Stored data

-*-*-

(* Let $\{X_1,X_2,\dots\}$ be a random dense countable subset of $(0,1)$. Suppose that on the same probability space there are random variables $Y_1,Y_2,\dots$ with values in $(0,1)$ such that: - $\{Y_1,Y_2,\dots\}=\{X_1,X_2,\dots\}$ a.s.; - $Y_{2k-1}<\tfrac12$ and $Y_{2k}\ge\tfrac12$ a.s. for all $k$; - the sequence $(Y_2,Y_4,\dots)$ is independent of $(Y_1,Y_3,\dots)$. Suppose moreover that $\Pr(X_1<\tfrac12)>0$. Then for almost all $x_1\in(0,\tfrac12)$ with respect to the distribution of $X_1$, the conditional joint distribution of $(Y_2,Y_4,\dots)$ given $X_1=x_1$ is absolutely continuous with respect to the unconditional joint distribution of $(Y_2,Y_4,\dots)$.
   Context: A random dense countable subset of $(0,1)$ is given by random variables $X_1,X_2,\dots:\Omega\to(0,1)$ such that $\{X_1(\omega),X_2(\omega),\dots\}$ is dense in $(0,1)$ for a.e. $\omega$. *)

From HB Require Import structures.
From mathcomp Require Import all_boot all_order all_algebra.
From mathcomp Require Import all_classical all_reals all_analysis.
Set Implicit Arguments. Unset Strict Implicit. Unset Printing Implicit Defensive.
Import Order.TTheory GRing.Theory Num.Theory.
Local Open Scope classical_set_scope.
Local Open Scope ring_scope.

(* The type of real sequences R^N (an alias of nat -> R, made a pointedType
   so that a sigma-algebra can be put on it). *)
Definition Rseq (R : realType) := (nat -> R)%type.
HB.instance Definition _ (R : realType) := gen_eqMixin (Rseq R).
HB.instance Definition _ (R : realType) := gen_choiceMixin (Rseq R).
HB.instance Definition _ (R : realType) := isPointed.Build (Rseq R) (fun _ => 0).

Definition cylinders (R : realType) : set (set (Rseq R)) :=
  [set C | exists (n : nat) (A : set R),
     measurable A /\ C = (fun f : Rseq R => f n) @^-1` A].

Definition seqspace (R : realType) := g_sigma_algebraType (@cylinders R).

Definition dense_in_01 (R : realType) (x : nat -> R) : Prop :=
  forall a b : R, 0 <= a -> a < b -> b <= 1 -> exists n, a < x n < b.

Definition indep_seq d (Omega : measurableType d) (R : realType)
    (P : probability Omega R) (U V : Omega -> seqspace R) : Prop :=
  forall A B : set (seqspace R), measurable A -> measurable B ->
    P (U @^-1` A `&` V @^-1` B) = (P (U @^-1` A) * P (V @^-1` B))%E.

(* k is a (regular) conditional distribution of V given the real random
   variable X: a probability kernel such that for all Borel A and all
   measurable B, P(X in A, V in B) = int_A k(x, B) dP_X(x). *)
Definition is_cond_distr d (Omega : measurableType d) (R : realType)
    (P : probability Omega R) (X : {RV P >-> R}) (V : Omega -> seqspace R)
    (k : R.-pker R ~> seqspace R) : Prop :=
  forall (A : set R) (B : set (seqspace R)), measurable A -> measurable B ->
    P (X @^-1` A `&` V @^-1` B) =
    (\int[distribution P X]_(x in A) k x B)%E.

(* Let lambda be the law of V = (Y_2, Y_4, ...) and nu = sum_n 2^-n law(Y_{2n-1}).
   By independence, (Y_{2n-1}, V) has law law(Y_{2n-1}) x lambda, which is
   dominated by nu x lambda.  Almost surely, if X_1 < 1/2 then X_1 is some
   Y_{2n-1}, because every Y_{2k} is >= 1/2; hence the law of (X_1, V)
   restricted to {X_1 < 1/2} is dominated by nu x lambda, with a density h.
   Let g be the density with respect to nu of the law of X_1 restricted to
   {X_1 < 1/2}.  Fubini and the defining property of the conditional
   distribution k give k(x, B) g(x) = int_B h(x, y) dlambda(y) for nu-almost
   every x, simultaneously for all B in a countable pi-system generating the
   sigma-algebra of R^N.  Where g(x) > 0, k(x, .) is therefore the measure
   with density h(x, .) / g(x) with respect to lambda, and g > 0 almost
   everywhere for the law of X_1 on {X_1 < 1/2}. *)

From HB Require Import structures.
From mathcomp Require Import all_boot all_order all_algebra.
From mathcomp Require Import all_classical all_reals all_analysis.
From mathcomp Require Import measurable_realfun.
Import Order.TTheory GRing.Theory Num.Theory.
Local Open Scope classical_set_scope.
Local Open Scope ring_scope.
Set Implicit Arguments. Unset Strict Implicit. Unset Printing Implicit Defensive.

-*-*-

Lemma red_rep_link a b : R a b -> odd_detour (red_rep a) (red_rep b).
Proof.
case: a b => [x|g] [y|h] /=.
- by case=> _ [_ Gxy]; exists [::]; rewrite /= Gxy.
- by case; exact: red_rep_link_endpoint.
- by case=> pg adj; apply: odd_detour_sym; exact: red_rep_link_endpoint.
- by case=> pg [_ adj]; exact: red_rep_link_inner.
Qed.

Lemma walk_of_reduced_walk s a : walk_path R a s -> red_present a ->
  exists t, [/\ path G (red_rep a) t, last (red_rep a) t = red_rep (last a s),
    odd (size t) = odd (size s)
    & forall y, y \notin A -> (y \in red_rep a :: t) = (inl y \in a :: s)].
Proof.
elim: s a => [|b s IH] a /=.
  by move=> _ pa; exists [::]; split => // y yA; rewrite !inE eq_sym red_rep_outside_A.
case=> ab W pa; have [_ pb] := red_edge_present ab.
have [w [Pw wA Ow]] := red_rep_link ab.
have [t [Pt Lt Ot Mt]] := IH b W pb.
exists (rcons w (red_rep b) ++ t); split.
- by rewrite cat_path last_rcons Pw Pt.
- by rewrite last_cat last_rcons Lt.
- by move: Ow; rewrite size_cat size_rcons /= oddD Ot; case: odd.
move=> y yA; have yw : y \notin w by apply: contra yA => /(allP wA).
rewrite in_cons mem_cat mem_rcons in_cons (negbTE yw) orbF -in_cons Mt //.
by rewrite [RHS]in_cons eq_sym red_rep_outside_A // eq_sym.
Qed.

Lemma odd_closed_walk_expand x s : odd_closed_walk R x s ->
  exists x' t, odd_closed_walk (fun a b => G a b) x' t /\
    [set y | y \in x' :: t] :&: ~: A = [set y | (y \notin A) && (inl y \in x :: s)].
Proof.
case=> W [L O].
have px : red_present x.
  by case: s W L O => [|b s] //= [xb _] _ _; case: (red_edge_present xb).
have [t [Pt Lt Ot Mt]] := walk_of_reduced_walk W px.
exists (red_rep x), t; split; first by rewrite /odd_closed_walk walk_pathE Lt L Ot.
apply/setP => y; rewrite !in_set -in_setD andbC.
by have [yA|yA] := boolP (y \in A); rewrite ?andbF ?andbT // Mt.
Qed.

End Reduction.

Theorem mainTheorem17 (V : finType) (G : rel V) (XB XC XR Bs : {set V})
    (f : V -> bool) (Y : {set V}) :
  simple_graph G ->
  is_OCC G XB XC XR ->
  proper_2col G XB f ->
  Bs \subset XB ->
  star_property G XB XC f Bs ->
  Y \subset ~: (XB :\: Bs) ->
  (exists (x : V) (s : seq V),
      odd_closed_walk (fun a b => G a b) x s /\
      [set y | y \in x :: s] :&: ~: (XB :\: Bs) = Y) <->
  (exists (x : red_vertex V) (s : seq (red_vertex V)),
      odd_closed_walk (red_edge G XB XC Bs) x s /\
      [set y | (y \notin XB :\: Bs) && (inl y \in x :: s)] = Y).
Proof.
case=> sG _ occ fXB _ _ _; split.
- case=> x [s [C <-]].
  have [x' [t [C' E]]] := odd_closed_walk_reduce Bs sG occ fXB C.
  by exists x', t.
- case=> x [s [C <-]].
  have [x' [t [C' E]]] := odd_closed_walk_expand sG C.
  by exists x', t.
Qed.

-*-*-

About this exercise ::
From the data above, show each line that contains "realType".

Task result ::
Definition Rseq (R : realType) := (nat -> R)%type.
HB.instance Definition _ (R : realType) := gen_eqMixin (Rseq R).
HB.instance Definition _ (R : realType) := gen_choiceMixin (Rseq R).
HB.instance Definition _ (R : realType) := isPointed.Build (Rseq R) (fun _ => 0).
Definition cylinders (R : realType) : set (set (Rseq R)) :=
Definition seqspace (R : realType) := g_sigma_algebraType (@cylinders R).
Definition dense_in_01 (R : realType) (x : nat -> R) : Prop :=
Definition indep_seq d (Omega : measurableType d) (R : realType)
Definition is_cond_distr d (Omega : measurableType d) (R : realType)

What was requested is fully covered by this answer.